Collected data
[Start of section]
(* In the setting below, assume $Z^j\epsilon_{\bullet,j}\ne0$ for all $j$, that for some $c>1$ $$\lambda\ge\frac{c+1}{c-1}\max_{i\in[n]}\Big(\sum_{j\in[p]}\frac{(Z^j_{i,\bullet}\epsilon_{\bullet,j})^2}{\|Z^j\epsilon_{\bullet,j}\|_2^2}\Big)^{1/2},$$ and that there is a matrix $V\in\mathbb R^{n\times p}$ with $\|V_{i,\bullet}\|_2\le1$ for all $i$ such that for every $j\in[p]$, $\|Z^j\widehat\Delta_{\bullet,j}\|_2^2=\xi_{\bullet,j}^\top Z^j\widehat\Delta_{\bullet,j}-\lambda\|\widehat\xi_{\bullet,j}\|_2V_{\bullet,j}^\top\widehat\Delta_{\bullet,j}$, where $\widehat\xi_{\bullet,j}=Z^j(X^{(n)}_{\bullet,j}-\widehat\Theta_{\bullet,j})$. Then $$\sum_{j=1}^p\|Z^j\widehat\Delta_{\bullet,j}\|_2^2\le2\lambda\|\xi^\top\|_{2,\infty}\|\widehat\Delta\|_{2,1}\Big(\frac{c-1}{c+1}+2\Big)+\big(\lambda\|\widehat\Delta\|_{2,1}\big)^2.$$
   Context: Setting. Let $n,p\ge 1$, $[n]=\{1,\dots,n\}$. $X=Y+E^*\in\mathbb R^{n\times p}$ where (C1) the rows of $Y$ are independent $\mathcal N_p(\mu^*,\Sigma^* )$, $\Sigma^*$ positive definite; (C2) $E^*$ deterministic, $[n]=I\cup O$ a partition with the rows of $E^*$ indexed by $I$ equal to zero, and every row of $E^*(\Sigma^* )^{-1/2}$ of Euclidean norm at most $M_E\sqrt p$; $\mu^*=0$. $\Omega^*=(\Sigma^* )^{-1}$ with diagonal entries $\omega^*_{jj}$, $B^*=\Omega^*\mathrm{diag}(\Omega^* )^{-1}$, $X^{(n)}=X/\sqrt n$, $\Theta^*=E^*B^*/\sqrt n$, $\xi=X^{(n)}B^*-\Theta^*$, $\epsilon_{ij}=\sqrt n(\omega^*_{jj})^{1/2}\xi_{ij}$. Notation: $A_{i,\bullet}$, $A_{\bullet,j}$ rows/columns, $j^c=[p]\setminus\{j\}$, $\|A\|_{2,1}=\sum_i\|A_{i,\bullet}\|_2$, $\|\xi^\top\|_{2,\infty}=\max_j\|\xi_{\bullet,j}\|_2$. $Z^j$ is the orthogonal projector in $\mathbb R^n$ onto the orthogonal complement of the span of the columns of $X_{\bullet,j^c}$. Estimator: $\widehat\Theta$ minimizes over $\Theta\in\mathbb R^{n\times p}$ the function $\sum_{j=1}^p\|Z^j(X^{(n)}_{\bullet,j}-\Theta_{\bullet,j})\|_2+\lambda\|\Theta\|_{2,1}$, and $\widehat\Delta=\widehat\Theta-\Theta^*$. *)

(* the statement is purely algebraic/order-theoretic
   over the reals, stated for an arbitrary real closed field R. *)
From HB Require Import structures.
From mathcomp Require Import all_boot all_order all_algebra.
Set Implicit Arguments. Unset Strict Implicit. Unset Printing Implicit Defensive.
Import Order.TTheory GRing.Theory Num.Theory.
Local Open Scope ring_scope.

Section Defs.
Variable R : rcfType.

Definition cnorm m (v : 'cV[R]_m) : R := Num.sqrt (\sum_i (v i 0) ^+ 2).
Definition rnorm m (v : 'rV[R]_m) : R := Num.sqrt (\sum_j (v 0 j) ^+ 2).

Definition cdot m (u v : 'cV[R]_m) : R := \sum_i u i 0 * v i 0.

Definition norm21 n p (A : 'M[R]_(n, p)) : R := \sum_i rnorm (row i A).

Definition normT2inf n p (A : 'M[R]_(n, p)) : R :=
  \big[Num.max/0]_j cnorm (col j A).

Definition posdef p (S : 'M[R]_p) : Prop :=
  S^T = S /\ forall v : 'rV[R]_p, v != 0 -> 0 < (v *m S *m v^T) 0 0.

(* P is the orthogonal projector of R^m onto the subspace spanned by the
   rows of U (vectors identified with columns; P symmetric so row and
   column spaces of P coincide) *)
Definition is_orth_proj m k (P : 'M[R]_m) (U : 'M[R]_(k, m)) : Prop :=
  P^T = P /\ P *m P = P /\ (P == U)%MS.

(* the orthogonal complement of the span of the columns of X_{.,j^c}
   is the row kernel {u | u^T X_{.,j^c} = 0} = kermx (col' j X) *)
Definition Zproj n p (X : 'M[R]_(n, p)) (Z : 'I_p -> 'M[R]_n) : Prop :=
  forall j, is_orth_proj (Z j) (kermx (col' j X)).

Definition scaleN n p (X : 'M[R]_(n, p)) : 'M[R]_(n, p) :=
  (Num.sqrt (n%:R))^-1 *: X.

(* B = Omega diag(Omega)^{-1}, with Omega = inverse of Sigma *)
Definition Bmat p (Om : 'M[R]_p) : 'M[R]_p := \matrix_(i, j) (Om i j / Om j j).

Definition objective n p (Z : 'I_p -> 'M[R]_n) (Xn : 'M[R]_(n, p))
  (lambda : R) (Th : 'M[R]_(n, p)) : R :=
  \sum_j cnorm (Z j *m col j (Xn - Th)) + lambda * norm21 Th.

End Defs.

(* Write N_j = ||Z^j Delta_j||, h_j = ||Z^j (X^(n)_j - Thhat_j)|| and
   v_j = V_j^T Delta_j. Since Z^j annihilates every column of X but the j-th
   and B_jj = 1, Z^j (X^(n)_j - Thhat_j) = Z^j xi_j - Z^j Delta_j, whence
   h_j <= ||xi^T||_{2,oo} + N_j; absorbing -lambda h_j v_j by AM-GM, the
   identity gives N_j^2 <= 2 xi_j^T Z^j Delta_j + 2 lambda ||xi^T||_{2,oo} |v_j|
   + lambda^2 v_j^2. Summing over j, sum_j |v_j| <= ||Delta||_{2,1} as the rows
   of V have norm at most 1, and sum_j xi_j^T Z^j Delta_j is bounded by
   Cauchy-Schwarz row by row: the i-th row of the matrix with columns Z^j xi_j
   has norm at most ||xi^T||_{2,oo} times the self-normalised quantity of the
   tuning condition, which is at most lambda (c-1)/(c+1). *)

From HB Require Import structures.
From mathcomp Require Import all_boot all_order all_algebra.
From mathcomp Require Import ring lra.
Set Implicit Arguments. Unset Strict Implicit. Unset Printing Implicit Defensive.
Import Order.TTheory GRing.Theory Num.Theory.
Local Open Scope ring_scope.

Section Norms.
Variable R : rcfType.

Lemma sumr_sqr_ge0 m (x : 'I_m -> R) : 0 <= \sum_i x i ^+ 2.
Proof. by apply: sumr_ge0 => i _; apply: sqr_ge0. Qed.

Lemma sumr_sqr_eq0 m (x : 'I_m -> R) : \sum_i x i ^+ 2 = 0 -> forall i, x i = 0.
Proof.
move=> /eqP; rewrite psumr_eq0 => [/allP x0 i|i _]; last exact: sqr_ge0.
by have := x0 i (mem_index_enum i); rewrite sqrf_eq0 => /eqP.
Qed.

Lemma cauchy_schwarz_sum m (x y : 'I_m -> R) :
  \sum_i x i * y i <= Num.sqrt (\sum_i x i ^+ 2) * Num.sqrt (\sum_i y i ^+ 2).
Proof.
set A := Num.sqrt _; set B := Num.sqrt _.
have A2 : A ^+ 2 = \sum_i x i ^+ 2 by rewrite sqr_sqrtr // sumr_sqr_ge0.
have B2 : B ^+ 2 = \sum_i y i ^+ 2 by rewrite sqr_sqrtr // sumr_sqr_ge0.
have [/eqP|AB0] := eqVneq (A * B) 0.
  rewrite mulf_eq0 => /orP[] /eqP nrm0.
  - have /sumr_sqr_eq0 x0 : \sum_i x i ^+ 2 = 0 by rewrite -A2 nrm0 expr0n.
    by rewrite nrm0 mul0r big1 // => i _; rewrite x0 mul0r.
  - have /sumr_sqr_eq0 y0 : \sum_i y i ^+ 2 = 0 by rewrite -B2 nrm0 expr0n.
    by rewrite nrm0 mulr0 big1 // => i _; rewrite y0 mulr0.
have AB_gt0 : 0 < A * B by rewrite lt0r AB0 mulr_ge0 ?sqrtr_ge0.
have : 0 <= \sum_i (x i * B - y i * A) ^+ 2 by apply: sumr_sqr_ge0.
have -> : \sum_i (x i * B - y i * A) ^+ 2 =
    B ^+ 2 * \sum_i x i ^+ 2 - 2 * A * B * \sum_i x i * y i
    + A ^+ 2 * \sum_i y i ^+ 2.
  rewrite !mulr_sumr -sumrB -big_split /=.
  by apply: eq_bigr => i _; ring.
rewrite -A2 -B2; nra.
Qed.

Lemma cnorm_ge0 m (v : 'cV[R]_m) : 0 <= cnorm v.
Proof. exact: sqrtr_ge0. Qed.

Lemma cnorm_sqr m (v : 'cV[R]_m) : cnorm v ^+ 2 = \sum_i v i 0 ^+ 2.
Proof. by rewrite sqr_sqrtr // sumr_sqr_ge0. Qed.

Lemma cnormZ m (s : R) (v : 'cV[R]_m) : cnorm (s *: v) = `|s| * cnorm v.
Proof.
rewrite /cnorm -sqrtr_sqr -sqrtrM ?sqr_ge0 // mulr_sumr.
by congr Num.sqrt; apply: eq_bigr => i _; rewrite mxE exprMn.
Qed.

Lemma cdot_le_cnorm m (u v : 'cV[R]_m) : cdot u v <= cnorm u * cnorm v.
Proof. exact: cauchy_schwarz_sum. Qed.

Lemma cnormB_le m (u v : 'cV[R]_m) : cnorm (u - v) <= cnorm u + cnorm v.
Proof.
have uv_ge0 : 0 <= cnorm u + cnorm v by rewrite addr_ge0 ?cnorm_ge0.
have -> : cnorm (u - v) = Num.sqrt (cnorm u ^+ 2 + 2 * cdot u (- v) + cnorm v ^+ 2).
  rewrite !cnorm_sqr /cdot mulr_sumr -!big_split /=; congr Num.sqrt.
  by apply: eq_bigr => i _; rewrite !mxE; ring.
have := cdot_le_cnorm u (- v); rewrite -scaleN1r cnormZ normrN normr1 mul1r.
move=> cs; rewrite -(ger0_norm uv_ge0) -sqrtr_sqr ler_sqrt ?sqr_ge0 //; nra.
Qed.

Lemma cdot_mulmx_sym m (Z : 'M[R]_m) (u v : 'cV[R]_m) :
  Z^T = Z -> cdot u (Z *m v) = cdot (Z *m u) v.
Proof.
move=> ZT; rewrite /cdot; under eq_bigr => i _ do rewrite mxE mulr_sumr.
rewrite exchange_big /=; apply: eq_bigr => k _; rewrite mxE mulr_suml.
apply: eq_bigr => i _; have -> : Z i k = Z k i by rewrite -{1}ZT mxE.
by rewrite mulrCA mulrA.
Qed.

Lemma cnorm_proj_le m (Z : 'M[R]_m) (u : 'cV[R]_m) :
  Z^T = Z -> Z *m Z = Z -> cnorm (Z *m u) <= cnorm u.
Proof.
move=> ZT ZZ.
have sqrE : cnorm (Z *m u) ^+ 2 = cdot u (Z *m u).
  by rewrite cnorm_sqr -[in RHS]ZZ -mulmxA cdot_mulmx_sym.
have := cdot_le_cnorm u (Z *m u); rewrite -sqrE.
have := cnorm_ge0 (Z *m u); have := cnorm_ge0 u; nra.
Qed.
[End of section]
▶ **PROBLEM DETAILS**: Output only the lines from the one that contains "have sqrE : cnorm" through the final line of the records, exactly as given.

▶ **REPLY**:
have sqrE : cnorm (Z *m u) ^+ 2 = cdot u (Z *m u).
  by rewrite cnorm_sqr -[in RHS]ZZ -mulmxA cdot_mulmx_sym.
have := cdot_le_cnorm u (Z *m u); rewrite -sqrE.
have := cnorm_ge0 (Z *m u); have := cnorm_ge0 u; nra.
Qed.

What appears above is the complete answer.